The Frog Prince: The Original Soundtrack Recording is a soundtrack album to the English and French produced romantic comedy film The Frog Prince (1984), released in 1985 by Island Visual Arts, a subsidiary label of Island Records. The music was composed by Irish singer-songwriter and musician Enya, but only two of its tracks, "The Frog Prince" and "Dreams", were performed by her with the remaining tracks performed by other musicians or arranged and produced by Richard Myhill; several jazz standards are also performed.

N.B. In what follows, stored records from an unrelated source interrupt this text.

Lemma Gseg_init G j k : (j <= k)%N -> initial_segment (Gseg G j) (Gseg G k).
Proof.
move=> jk; split.
  apply/fsubsetP => x; rewrite !mem_Gseg => xj.
  by rewrite -(take_takel _ jk) in xj; apply: mem_take xj.
move=> a b; rewrite !mem_Gseg => aj bk bj.
have sk : sorted ltn (take k (sortG G)).
  move: (sortG_ltn G); rewrite -{1}(cat_take_drop k (sortG G)).
  by move/cat_sorted2 => [].
move: sk bk; rewrite -(cat_take_drop j (take k (sortG G))) (take_takel _ jk).
rewrite sorted_pairwise; last exact: ltn_trans.
rewrite pairwise_cat mem_cat (negbTE bj) /= => /and3P[/allrelP j_below_k _ _] bd.
exact: j_below_k.
Qed.

Lemma Gseg_initG G j : initial_segment (Gseg G j) G.
Proof.
have Gfull : Gseg G (maxn j #|` G|) = G.
  apply/fsetP => x; rewrite mem_Gseg take_oversize ?mem_sortG //.
  by rewrite size_sortG leq_maxr.
by rewrite -{2}Gfull; exact: Gseg_init (leq_maxl _ _).
Qed.

Lemma Gseg_of_init F G j : initial_segment F G -> (j <= #|` F|)%N -> Gseg F j = Gseg G j.
Proof.
move=> FG jF; rewrite /Gseg (sortG_init FG) take_cat size_sortG.
case: ltnP => // Fj.
have -> : j = #|` F| by apply/eqP; rewrite eqn_leq jF.
by rewrite subnn take0 cats0 take_oversize // size_sortG.
Qed.

Lemma ptws_cvg_of (U : Type) (Y : topologicalType) (F : set_system {ptws U -> Y})
    (l : {ptws U -> Y}) :
  Filter F -> (forall t, (fun g : {ptws U -> Y} => g t) @ F --> l t) -> F --> l.
Proof.
move=> FF Fl; apply/(@cvg_sup (forall t : U, Y) U
  (fun t => Topological.class (initial_topology (fun f : (forall i, Y) => f t))) F l FF) => t.
move=> A /=; rewrite (@nbhsE (initial_topology (fun f : (forall i, Y) => f t))).
move=> -[B [[C oC <-] Bl] BA].
have /Fl FC : nbhs (l t) C by rewrite nbhsE; exists C.
by apply: (@filterS _ F FF _ _ _ FC) => g Cg; exact: BA.
Qed.

Section Metric.
Variables (R : realType) (X : topologicalType) (d : X -> X -> R).
Hypothesis dpos : forall x y, 0 <= d x y.
Hypothesis dzero : forall x y, d x y = 0 <-> x = y.
Hypothesis dsym : forall x y, d x y = d y x.
Hypothesis dtri : forall x y z, d x z <= d x y + d y z.
Hypothesis dopen : forall A : set X, open A <->
  forall x, A x -> exists2 e : R, 0 < e & [set y | d x y < e] `<=` A.

(* The precision 1/(n+1) used at stage n of the approximations. *)
Definition eps (n : nat) : R := (n.+1%:R)^-1.

Lemma eps_gt0 n : 0 < eps n.
Proof. by rewrite /eps invr_gt0 ltr0n. Qed.

Lemma eps_small (e : R) : 0 < e -> exists N, forall n, (N <= n)%N -> eps n < e.
Proof.
move=> e0; have ie : 0 <= e^-1 by rewrite invr_ge0 ltW.
exists (Num.Def.archi_bound e^-1) => n hn.
rewrite /eps invf_plt ?posrE ?ltr0n //.
by apply: (lt_le_trans (archi_boundP ie)); rewrite ler_nat (leq_trans hn).
Qed.

Lemma dist_eq x y : (forall e : R, 0 < e -> d x y < e) -> x = y.
Proof.
move=> small; apply/dzero/eqP; rewrite eq_le dpos andbT leNgt.
by apply/negP => /[dup] /small; rewrite ltxx.
Qed.

Lemma metric_cvg (u : nat -> X) l :
  (forall e : R, 0 < e -> exists N, forall n, (N <= n)%N -> d (u n) l < e) ->
  u @ \oo --> l.
Proof.
move=> ul A; rewrite nbhsE => -[B [oB Bl] BA].
have [e e0 be] := (dopen B).1 oB l Bl.
have [N hN] := ul e e0.
by exists N => // n /= hn; apply/BA/be; rewrite /= dsym; exact: hN.
Qed.

Lemma open_ball x (e : R) : open [set y | d x y < e].
Proof.
apply/dopen => y /= dy; exists (e - d x y); first by rewrite subr_gt0.
by move=> z /= dz; apply: (le_lt_trans (dtri x y z)); rewrite -ltrBrDl.
Qed.

Lemma dense_sequence (D : set X) (x0 : X) : countable D -> dense D ->
  exists Dn : nat -> X, forall x (e : R), 0 < e -> exists k, d x (Dn k) < e.
Proof.
move=> /countable_injP [fD fD_inj] dD.
exists (fun k => xget x0 [set x | D x /\ fD x = k]) => x e e0.
have ball_x : [set y | d x y < e] x by rewrite /= (proj2 (dzero x x) erefl).
have [z [dz Dz]] := dD _ (ex_intro _ x ball_x) (open_ball x e).
exists (fD z); case: xgetP => [y _ [Dy fDy]|]; last by move=> nz; case: (nz z).
by have -> : y = z by apply: fD_inj; rewrite ?in_setE.
Qed.

End Metric.

Section Coding.
Variables (R : realType) (E : set R) (X : topologicalType).
Hypothesis E0 : E 0.
Variable V : set (bunch E X).
Variable d : X -> X -> R.
Variable Dn : nat -> X.
Variable eidx : R -> nat.

Local Notation bunch := (bunch E X).
Local Notation inEG := (inEG E).
Local Notation valueAt := (valueAt E0).
Local Notation eps := (eps R).

Definition fcode (G : {fset nat}) (f : nat -> R) : nat :=
  choice.pickle [seq eidx (f n) | n <- sortG G].

(* An index k with Dn k within eps j of the value of chi at the function of
   [E,Gi] coded by p (0 if p codes no such function). *)
Definition approx (chi : bunch) (Gi : {fset nat}) (j p : nat) : nat :=
  if pselect (exists f, inEG Gi f /\ fcode Gi f = p) is left coded
  then xget 0%N [set k | d (valueAt chi (proj1_sig (cid coded))) (Dn k) < eps j]
  else 0%N.

(* The finite datum recorded at stage j: an initial segment of the support of
   size j, and a table of approximation indices, for the initial segments
   of size i <= j and codes p <= j. *)
Definition Entry := ({fset nat} * seq (seq nat))%type.
Definition entry0 : Entry := (fset0, [::]).

Definition entry (chi : bunch) (j : nat) : Entry :=
  (Gseg (projT1 chi) j,
   [seq [seq approx chi (Gseg (projT1 chi) i) j p | p <- iota 0 j.+1] | i <- iota 0 j.+1]).

Lemma entry_table chi n i p : (i <= n)%N -> (p <= n)%N ->
  nth 0%N (nth [::] (entry chi n).2 i) p = approx chi (Gseg (projT1 chi) i) n p.
Proof.
move=> i_n p_n; rewrite (nth_map 0%N) ?size_iota ?ltnS // nth_iota ?ltnS // add0n.
by rewrite (nth_map 0%N) ?size_iota ?ltnS // nth_iota ?ltnS.
Qed.

Definition bunch_code (chi : bunch) : seq Entry :=
  [seq entry chi j | j <- iota 0 (#|` projT1 chi|).+1].

Definition realisable (s : seq Entry) : Prop :=
  exists c : nat -> bunch, forall n, (n < size s)%N ->
  [/\ V (c n), projT1 (c n) = (nth entry0 s n).1, #|` projT1 (c n)| = n,
      ((n.+1 < size s)%N -> bprec (c n) (c n.+1)) &
      forall i f, (i <= n)%N -> inEG (projT1 (c i)) f -> (fcode (projT1 (c i)) f <= n)%N ->
        d (valueAt (c i) f)
          (Dn (nth 0%N (nth [::] (nth entry0 s n).2 i) (fcode (projT1 (c i)) f)))
        < eps n ].

Lemma realisable_nil (b0 : bunch) : realisable [::].
Proof. by exists (fun=> b0). Qed.

Lemma realisable_prefix s w : realisable (s ++ w) -> realisable s.
Proof.
move=> [c hc]; exists c => n ns.
have nsw : (n < size (s ++ w))%N by rewrite size_cat ltn_addr.
have ent_n : nth entry0 s n = nth entry0 (s ++ w) n by rewrite nth_cat ns.
have [Vc supp card chain close] := hc n nsw; split=> //.
- by rewrite supp ent_n.
- by move=> n1s; apply: chain; rewrite size_cat ltn_addr.
- by rewrite ent_n.
Qed.

Hypothesis V_vine : is_vine V.
Hypothesis Dn_dense : forall x (e : R), 0 < e -> exists k, d x (Dn k) < e.
Hypothesis eidx_inj : {in E &, injective eidx}.

Lemma fcode_inj G f f' : inEG G f -> inEG G f' -> fcode G f = fcode G f' -> f = f'.
Proof.
move=> [Ef f0] [Ef' f0'] /(pcan_inj choice.pickleK) /eq_in_map e.
apply: funext => n; have [nG|nG] := boolP (n \in G); last by rewrite f0 // f0'.
by apply: eidx_inj; rewrite ?in_setE //; apply: e; rewrite mem_sortG.
Qed.

Lemma approxP chi Gi j f : inEG Gi f ->
  d (valueAt chi f) (Dn (approx chi Gi j (fcode Gi f))) < eps j.
Proof.
move=> hf; rewrite /approx; case: pselect => [coded|[]]; last by exists f.
case: (cid coded) => f' [hf' ec] /=; rewrite (fcode_inj hf' hf ec).
apply: (@xgetPex _ 0%N [set k | d (valueAt chi f) (Dn k) < eps j]).
by apply: Dn_dense; exact: eps_gt0.
Qed.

It was reissued in August 1999 by Spectrum Music.

== Track listing ==

Side one
| No. | Title | Music | Performer | Length |
|---|---|---|---|---|
| 1. | "The Train to Paris" | Enya | Richard Myhill | 2:14 |
| 2. | "The First Day" | Enya | Richard Myhill | 1:32 |
| 3. | "Mack the Knife" | Kurt Weill | Jazz Club | 2:16 |
| 4. | "Let It Be Me" | Gilbert Bécaud | Jazz Club | 3:15 |
| 5. | "With Jean-Phillippe" | Enya | Richard Myhill | 2:16 |
| 6. | "Jenny" | Enya | Richard Myhill | 1:07 |
| 7. | "Reflections" | Enya | Richard Myhill | 1:08 |
| 8. | "The Frog Prince" | Enya, Roma Ryan (lyrics) | Enya | 3:15 |

Side two
| No. | Title | Music | Performer | Length |
|---|---|---|---|---|
| 1. | "Dreams" | Enya, Charlie McGettigan (lyrics) | Enya | 3:38 |
| 2. | "The Kiss" | Enya | Richard Myhill | 1:56 |
| 3. | "Sweet Georgia Brown" | Maceo Pinkard, Ben Bernie, Kenneth Casey | Jazz Club | 2:11 |
| 4. | "Georgia on My Mind" | Stuart Gorrell, Hoagy Carmichael | Jazz Club | 3:56 |
| 5. | "A Kiss by the Fountain" | Enya | Richard Myhill | 1:52 |
| 6. | "Jenny & Roz" | Enya | Richard Myhill | 1:22 |
| 7. | "Les Flon-Flons du Bal" | Charles Dumont, Michel Vaucaire | Édith Piaf | 2:20 |
| 8. | "Epilogue" | Enya | Richard Myhill | 0:57 |

==Personnel==
- Enya – lead vocals ("The Frog Prince" and "Dreams"), various instruments

- Additional personnel
- Jazz Club – performer on "Mack the Knife", "Let It Be Me", "Sweet Georgia Brown", and "Georgia on My Mind"
- Édith Piaf – lead vocals ("Les Flon-Flons du Bal")
- Roma Ryan – lyrics ("The Frog Prince")
- Charlie McGettigan – lyrics ("Dreams")

- Production
- Nicky Ryan – producer ("The Frog Prince" and "Dreams")
- Richard Myhill – producer, arranger (Enya-composed tracks)
- Philip Begley – engineer (Enya-composed tracks)
- Steve Allan – engineer
- Andrew Boland – mixer (Enya-composed tracks)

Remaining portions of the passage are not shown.